PT Berdikari juga tersangkut kasus bancakan. Komisi Pemberantasan Korupsi (KPK) membongkar korupsi pengadaan pupuk di perusahaan pelat merah tersebut yang terjadi pada periode 2010-2013,. Mantan Direktur Keuangan PT Berdikari Siti Marwah menjadi pelaku dalam kasus ini dan divonis 4 tahun penjara dengan denda Rp 500 juta subsidair 3 bulan kurungan. Siti terbukti menerima suap Rp 2,2 miliar terkait jual beli pupuk dengan sejumlah rekanan bisnis PT Berdikari.

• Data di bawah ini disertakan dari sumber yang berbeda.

(* In a PL+C model, suppose $\sum_{i\in\mathcal U}p_i\ge\alpha k$ for some $\alpha>1$. Then for every $i\in\mathcal U$, $$p_i\ge \Pr_{PLC}(\mathcal R_{i\le k})\cdot\left[1-\left(\alpha e^{1-\alpha}\right)^k\right].$$
   Context: PL+C model: universe $\mathcal U=\{1,\dots,n\}$, fixed ranking length $k\le n$. Each item $i$ has a utility $u_i\in\mathbb R$ and a consideration probability $p_i\in(0,1]$. A consideration set $C$ is drawn by including each item independently with probability $p_i$, conditioned on $|C|\ge k$: $\Pr_C(C)=\frac{1}{z_{k,p}}\prod_{h\in C}p_h\prod_{h\notin C}(1-p_h)$ for $|C|\ge k$ (with $z_{k,p}$ the normalizing constant), and $0$ otherwise. Given $C$, a length-$k$ ranking $r$ has probability $\Pr_{PL}(r\mid C)=\prod_{t=1}^k \frac{\exp(u_{r_t})}{\sum_{h\in C\setminus\{r_1,\dots,r_{t-1}\}}\exp(u_h)}$ if all $r_t\in C$, else $0$. $\Pr_{PLC}(r)=\sum_C\Pr_C(C)\Pr_{PL}(r\mid C)$, and for a set $R$ of rankings $\Pr_{PLC}(R)=\sum_{r\in R}\Pr_{PLC}(r)$. $\mathcal R_{i\le k}$ is the set of length-$k$ rankings containing $i$ (in any position). *)

From mathcomp Require Import all_boot all_order all_algebra.
From mathcomp Require Import reals sequences.
From mathcomp.analysis Require Import exp.
Set Implicit Arguments. Unset Strict Implicit. Unset Printing Implicit Defensive.
Import Order.TTheory GRing.Theory Num.Theory.
Local Open Scope ring_scope.

(* Universe U = {1..n} is represented by 'I_n (items 0..n-1).
   u : utilities, p : consideration probabilities. *)
Section PLC.
Variables (R : realType) (n k : nat) (u p : 'I_n -> R).

Definition cweight (C : {set 'I_n}) : R :=
  (\prod_(h in C) p h) * (\prod_(h in ~: C) (1 - p h)).

Definition zkp : R := \sum_(C : {set 'I_n} | (k <= #|C|)%N) cweight C.

Definition PrC (C : {set 'I_n}) : R :=
  if (k <= #|C|)%N then cweight C / zkp else 0.

Definition is_ranking (r : k.-tuple 'I_n) : bool := uniq r.

Definition PrPL (r : k.-tuple 'I_n) (C : {set 'I_n}) : R :=
  if all (fun x => x \in C) r then
    \prod_(t < k) (expR (u (tnth r t)) /
       \sum_(h in C | h \notin take t r) expR (u h))
  else 0.

Definition PrPLC (r : k.-tuple 'I_n) : R :=
  \sum_(C : {set 'I_n}) PrC C * PrPL r C.

Definition PrPLC_set (S : {set k.-tuple 'I_n}) : R :=
  \sum_(r in S) PrPLC r.

Definition R_le_k (i : 'I_n) : {set k.-tuple 'I_n} :=
  [set r : k.-tuple 'I_n | is_ranking r && (i \in r)].

End PLC.

From mathcomp Require Import all_boot all_order all_algebra.
From mathcomp Require Import reals sequences.
From mathcomp.analysis Require Import exp.
From mathcomp Require Import ring lra.

Set Implicit Arguments.
Unset Strict Implicit.
Unset Printing Implicit Defensive.
Import Order.TTheory GRing.Theory Num.Theory.
Local Open Scope ring_scope.

(* Let [Z = z_{k,p}] and let [C] be drawn with independent inclusions (no
   conditioning).  Conditioning on [|C| >= k] divides by [Z], and for a fixed
   [C] the Plackett-Luce probabilities of the rankings of [C] sum to at most 1
   and vanish on rankings containing an item outside [C]; hence
   [Pr(R_{i<=k}) * Z <= Pr(i \in C) = p_i].  A Chernoff bound, weighting each
   set [C] by [alpha ^ (k - |C|) >= 1], gives
   [1 - Z = Pr(|C| < k) <= alpha^k * prod_h (1 - (1 - 1/alpha) p_h)
                        <= alpha^k * exp (-(1 - 1/alpha) * alpha k)
                         = (alpha e^(1 - alpha))^k]. *)

Lemma ler_sum_subpred (R : numDomainType) (I : finType) (P Q : pred I)
    (F : I -> R) :
  (forall i, P i -> Q i) -> (forall i, Q i -> 0 <= F i) ->
  \sum_(i | P i) F i <= \sum_(i | Q i) F i.
Proof.
move=> PQ F_ge0; rewrite [leLHS]big_mkcond [leRHS]big_mkcond.
apply: ler_sum => i _; case: (boolP (P i)) => [/PQ -> //|_].
by case: ifP => // /F_ge0.
Qed.

Lemma sum_set_prod_setC (R : comNzRingType) (T : finType) (a b : T -> R) :
  \sum_(C : {set T}) (\prod_(h in C) a h * \prod_(h in ~: C) b h)
  = \prod_h (a h + b h).
Proof.
transitivity (\prod_h \sum_(j : bool) (if j then a h else b h)); last first.
  by apply: eq_bigr => h _; rewrite big_bool.
rewrite bigA_distr_bigA.
rewrite (reindex (fun f : {ffun T -> bool} => [set x | f x])) /=.
  apply: eq_bigr => f _; rewrite [RHS](bigID (fun h => f h)) /=; congr (_ * _).
    by apply: eq_big => h; rewrite ?inE // => ->.
  by apply: eq_big => h; rewrite ?inE // => /negbTE ->.
exists (fun C : {set T} => [ffun x => x \in C]) => [f _|C _].
  by apply/ffunP => x; rewrite ffunE inE.
by apply/setP => x; rewrite inE ffunE.
Qed.

Lemma prod1D_le_expR_sum (R : realType) (I : finType) (x : I -> R) :
  (forall h, 0 <= 1 + x h) -> \prod_h (1 + x h) <= expR (\sum_h x h).
Proof.
move=> x_ge; rewrite expR_sum; apply: ler_prod => h _.
by rewrite x_ge expR_ge1Dx.
Qed.

Lemma sum_tuple_cons (R : nmodType) (T : finType) (m : nat)
    (P : pred (m.+1.-tuple T)) (F : m.+1.-tuple T -> R) :
  \sum_(t | P t) F t =
  \sum_x \sum_(r : m.-tuple T | P [tuple of x :: r]) F [tuple of x :: r].
Proof.
rewrite pair_big_dep /=.
rewrite (reindex (fun q : T * m.-tuple T => [tuple of q.1 :: q.2])) //=.
exists (fun t : m.+1.-tuple T => (thead t, [tuple of behead t])).
  by move=> [x r] _ /=; congr (_, _); apply: val_inj.
by move=> t _; case/tupleP: t => x r; apply: val_inj.
Qed.

Section ConsiderationSets.
Variables (R : realType) (n : nat) (p : 'I_n -> R).

Lemma sum_cweight : \sum_(C : {set 'I_n}) cweight p C = 1.
Proof.
by rewrite /cweight sum_set_prod_setC; apply: big1 => h _; rewrite addrC subrK.
Qed.

Lemma sum_cweight_mem (i : 'I_n) :
  \sum_(C : {set 'I_n} | i \in C) cweight p C = p i.
Proof.
pose q h := if h == i then 0 else 1 - p h.
transitivity
  (\sum_(C : {set 'I_n}) (\prod_(h in C) p h * \prod_(h in ~: C) q h)).
  rewrite big_mkcond; apply: eq_bigr => C _; rewrite /cweight.
  case: (boolP (i \in C)) => iC.
    congr (_ * _); apply: eq_bigr => h; rewrite inE /q.
    by case: eqP => // ->; rewrite iC.
  by rewrite [X in _ = _ * X](bigD1 i) ?inE //= /q eqxx mul0r mulr0.
rewrite sum_set_prod_setC (bigD1 i) //= /q eqxx addr0 big1 ?mulr1 //.
by move=> h /negbTE ->; rewrite addrC subrK.
Qed.

Lemma zkp_eq (k : nat) :
  zkp k p = 1 - \sum_(C : {set 'I_n} | (#|C| < k)%N) cweight p C.
Proof.
rewrite -sum_cweight (bigID (fun C : {set 'I_n} => (k <= #|C|)%N)) /=.
by under [X in _ - X]eq_bigl do rewrite ltnNge; rewrite addrK.
Qed.

Hypotheses (p_ge0 : forall h, 0 <= p h) (p_le1 : forall h, p h <= 1).

Lemma cweight_ge0 (C : {set 'I_n}) : 0 <= cweight p C.
Proof.
by apply: mulr_ge0; apply: prodr_ge0 => h _; rewrite ?subr_ge0.
Qed.

Lemma zkp_ge0 (k : nat) : 0 <= zkp k p.
Proof. by apply: sumr_ge0 => C _; apply: cweight_ge0. Qed.

Lemma PrC_ge0 (k : nat) (C : {set 'I_n}) : 0 <= PrC k p C.
Proof.
by rewrite /PrC; case: ifP => _ //; rewrite divr_ge0 ?cweight_ge0 ?zkp_ge0.
Qed.

Lemma PrC_mul_zkp_le (k : nat) (C : {set 'I_n}) :
  PrC k p C * zkp k p <= cweight p C.
Proof.
rewrite /PrC; case: ifP => _; last by rewrite mul0r cweight_ge0.
have [->|Z_neq0] := eqVneq (zkp k p) 0; first by rewrite mulr0 cweight_ge0.
by rewrite divfK.
Qed.

Lemma sum_cweight_card_lt_le_prod (alpha : R) (k : nat) : 1 <= alpha ->
  \sum_(C : {set 'I_n} | (#|C| < k)%N) cweight p C
  <= alpha ^+ k * \prod_h (alpha^-1 * p h + (1 - p h)).
Proof.
move=> alpha_ge1; have alpha_gt0 : 0 < alpha by lra.
have ai_ge0 : 0 <= alpha^-1 by rewrite invr_ge0 ltW.
have ak_ge0 : 0 <= alpha ^+ k by rewrite exprn_ge0 // ltW.
rewrite -sum_set_prod_setC mulr_sumr.
set w := fun C : {set 'I_n} =>
  alpha ^+ k * (\prod_(h in C) (alpha^-1 * p h) * \prod_(h in ~: C) (1 - p h)).
apply: (@le_trans _ _ (\sum_(C : {set 'I_n} | (#|C| < k)%N) w C)).
  apply: ler_sum => C /ltnW C_le_k.
  have -> : w C = alpha ^+ k * alpha^-1 ^+ #|C| * cweight p C.
    by rewrite /w /cweight prodrMl; ring.
  apply: ler_peMl; first exact: cweight_ge0.
  rewrite -[1](mulfV (expf_neq0 k (lt0r_neq0 alpha_gt0))) -exprVn.
  by apply: ler_wpM2l => //; apply: ler_wiXn2l => //; rewrite invf_le1.
apply: ler_sum_subpred => // C _; apply/mulr_ge0/mulr_ge0 => //.
  by apply: prodr_ge0 => h _; apply: mulr_ge0.
by apply: prodr_ge0 => h _; rewrite subr_ge0.
Qed.

Lemma sum_cweight_card_lt_le (alpha : R) (k : nat) :
  1 <= alpha -> alpha * k%:R <= \sum_h p h ->
  \sum_(C : {set 'I_n} | (#|C| < k)%N) cweight p C
  <= (alpha * expR (1 - alpha)) ^+ k.
Proof.
move=> alpha_ge1 sum_ge; have alpha_gt0 : 0 < alpha by lra.
apply: le_trans (sum_cweight_card_lt_le_prod k alpha_ge1) _.
rewrite exprMn -expRM_natr; apply: ler_wpM2l; first by rewrite exprn_ge0 ?ltW.
rewrite (eq_bigr (fun h => 1 + - (1 - alpha^-1) * p h)); last first.
  by move=> h _; ring.
have factor_ge0 h : 0 <= 1 + - (1 - alpha^-1) * p h.
  have -> : 1 + - (1 - alpha^-1) * p h = alpha^-1 * p h + (1 - p h) by ring.
  by rewrite addr_ge0 ?subr_ge0 ?mulr_ge0 ?invr_ge0 ?p_ge0 ?p_le1 ?ltW.
apply: le_trans (prod1D_le_expR_sum factor_ge0) _.
rewrite ler_expR -mulr_sumr.
have gap_ge0 : 0 <= 1 - alpha^-1 by rewrite subr_ge0 invf_le1.
have -> : (1 - alpha) * k%:R = - (1 - alpha^-1) * (alpha * k%:R).
  by field; rewrite lt0r_neq0.
by rewrite !mulNr lerN2 ler_wpM2l.
Qed.

End ConsiderationSets.

Section PlackettLuce.
Variables (R : realType) (n : nat) (u : 'I_n -> R).

Lemma PrPL_ge0 (m : nat) (r : m.-tuple 'I_n) (C : {set 'I_n}) :
  0 <= PrPL u r C.
Proof.
rewrite /PrPL; case: ifP => _ //; apply: prodr_ge0 => t _.
by rewrite divr_ge0 ?expR_ge0 ?sumr_ge0 // => h _; rewrite expR_ge0.
Qed.

Lemma PrPL_eq0 (m : nat) (r : m.-tuple 'I_n) (C : {set 'I_n}) (i : 'I_n) :
  i \in r -> i \notin C -> PrPL u r C = 0.
Proof.
by move=> ir /negbTE iC; rewrite /PrPL; case: allP => // /(_ i ir); rewrite iC.
Qed.

Lemma PrPL_cons (m : nat) (x : 'I_n) (r : m.-tuple 'I_n) (C : {set 'I_n}) :
  x \notin r ->
  PrPL u [tuple of x :: r] C =
  (if x \in C then expR (u x) / \sum_(h in C) expR (u h) else 0)
  * PrPL u r (C :\ x).
Proof.
move=> xr; rewrite /PrPL /=.
case: (boolP (x \in C)) => xC /=; last by rewrite mul0r.
have -> : all (fun y => y \in C) r = all (fun y => y \in C :\ x) r.
  apply: eq_in_all => y yr; rewrite !inE.
  by case: eqP => [yx|//]; move: xr; rewrite -yx yr.
case: ifP => _; last by rewrite mulr0.
rewrite big_ord_recl; congr (_ * _).
  by congr (_ / _); apply: eq_bigl => h; rewrite /= ?in_nil andbT.
apply: eq_bigr => j _; rewrite tnthS; congr (_ / _).
apply: eq_bigl => h /=; rewrite !inE negb_or.
by case: (h == x); case: (h \in C).
Qed.

Lemma sum_PrPL_le1 (m : nat) (C : {set 'I_n}) :
  \sum_(r : m.-tuple 'I_n | uniq r) PrPL u r C <= 1.
Proof.
elim: m C => [|m IH] C.
  rewrite (big_pred1 [tuple]); last by move=> r; rewrite tuple0 /= eqxx.
  by rewrite /PrPL /= big_ord0.
rewrite sum_tuple_cons.
set W := \sum_(h in C) expR (u h).
apply: (@le_trans _ _ (\sum_x (if x \in C then expR (u x) / W else 0))).
  apply: ler_sum => x _.
  under eq_bigr => r /andP[xr _] do rewrite PrPL_cons //.
  rewrite -mulr_sumr -[leRHS]mulr1; apply: ler_wpM2l.
    case: ifP => _ //.
    by rewrite divr_ge0 ?expR_ge0 ?sumr_ge0 // => h _; rewrite expR_ge0.
  apply: le_trans (IH (C :\ x)).
  by apply: ler_sum_subpred => [r /andP[]|r _] //; apply: PrPL_ge0.
rewrite -big_mkcond /= -mulr_suml -/W.
by have [->|W_neq0] := eqVneq W 0; rewrite ?mul0r ?mulfV.
Qed.

Lemma sum_PrPL_R_le_k (k : nat) (i : 'I_n) (C : {set 'I_n}) :
  \sum_(r in R_le_k k i) PrPL u r C <= (i \in C)%:R.
Proof.
case: (boolP (i \in C)) => iC.
  apply: le_trans (sum_PrPL_le1 k C).
  apply: ler_sum_subpred => [r|r _]; last exact: PrPL_ge0.
  by rewrite inE => /andP[].
by rewrite big1 // => r; rewrite inE => /andP[_ ir]; apply: PrPL_eq0 iC.
Qed.

End PlackettLuce.

Section PLC.
Variables (R : realType) (n k : nat) (u p : 'I_n -> R).
Hypotheses (p_ge0 : forall h, 0 <= p h) (p_le1 : forall h, p h <= 1).

Lemma PrPLC_set_ge0 (S : {set k.-tuple 'I_n}) : 0 <= PrPLC_set u p S.
Proof.
apply: sumr_ge0 => r _; apply: sumr_ge0 => C _.
by rewrite mulr_ge0 ?PrC_ge0 ?PrPL_ge0.
Qed.

Lemma PrPLC_R_le_k_mul_zkp_le (i : 'I_n) :
  PrPLC_set u p (R_le_k k i) * zkp k p <= p i.
Proof.
rewrite /PrPLC_set /PrPLC exchange_big /= mulr_suml.
rewrite -sum_cweight_mem [leRHS]big_mkcond.
apply: ler_sum => C _; rewrite -mulr_sumr mulrAC -mulrb -mulr_natr.
rewrite ler_pM ?mulr_ge0 ?PrC_ge0 ?zkp_ge0 ?PrC_mul_zkp_le ?sum_PrPL_R_le_k //.
by apply: sumr_ge0 => r _; apply: PrPL_ge0.
Qed.

End PLC.

Theorem theorem4 (R : realType) (n k : nat) (u p : 'I_n -> R)
  (hkn : (k <= n)%N)
  (hp : forall i, 0 < p i <= 1)
  (alpha : R) (halpha : 1 < alpha)
  (hsum : alpha * k%:R <= \sum_(i < n) p i) :
  forall i : 'I_n,
    PrPLC_set u p (R_le_k k i) * (1 - (alpha * expR (1 - alpha)) ^+ k) <= p i.
Proof.
move=> i.
have p_ge0 h : 0 <= p h by case/andP: (hp h) => /ltW.
have p_le1 h : p h <= 1 by case/andP: (hp h).
apply: le_trans (PrPLC_R_le_k_mul_zkp_le k u p_ge0 p_le1 i).
apply: ler_wpM2l; first exact: PrPLC_set_ge0.
rewrite zkp_eq lerD2l lerN2.
by apply: sum_cweight_card_lt_le => //; rewrite ltW.
Qed.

Tak hanya itu, Kejaksaan Tinggi Kepulauan Riau juga mengungkap korupsi penyimpangan penutupan asuransi aset PT Persero Batam pada PT Berdikari Insurance Cabang Batam periode 2012-2021. Penutupan asuransi dilakukan tanpa proses lelang dan tanpa penilai yang berwenang. Dalam kasus ini, terdapat kerugian keuangan negara sekitar Rp 2,22 miliar. Tak lama setelah itu, persisnya pada September 2024, OJK membatasi kegitan usaha Berdikari Insurance.
Dari informasi yang didapat redaksi, Direktur Utama ID Food, Sis Apik Wijayanto mendatangi BPK. Dia menyarankan PT Berdikari keluar dari holding ID Food. Ini karena kinerja keuangan Berdikari yang memburuk. Terlebih ada aset yang tidak jauh dari Istana Negara Jakarta yang sudah beralih tangan ke pihak lain. Buruknya kinerja keuangan Berdikari membuat Sis Apik menyarankan anggota usaha ID Food itu masuk penanganan PT Perusahaan Pengelola Aset (PPA).
VP Sekretaris Perusahaan ID Food Yosdian Adi Pramono, tak mengetahui adanya komunikasi Dirut ID Food dengan pihak BPK. Dia menjelaskan sengkarut pengelolaan aset ID Food sedang proses mediasi dengan pihak terkait. Menurutnya, perusahaan mengutamakan proses nonlitigasi untuk saat ini, meski BPK sudah mengeluarkan audit. “Proses hukum, mulai dari somasi akan kami lakukan setelah proses mediasi tidak memenuhi hasil,” kata Yosdian saat dihubungi Law-justice, Jumat (17/1).
“Terkait pimpinan ID Food bertemu pihak BPK, akan kami kroscek dahulu dan terkait pengalihan aset Berdikari di dekat Istana Negara belum kami ketahui informasinya,” imbuhnya.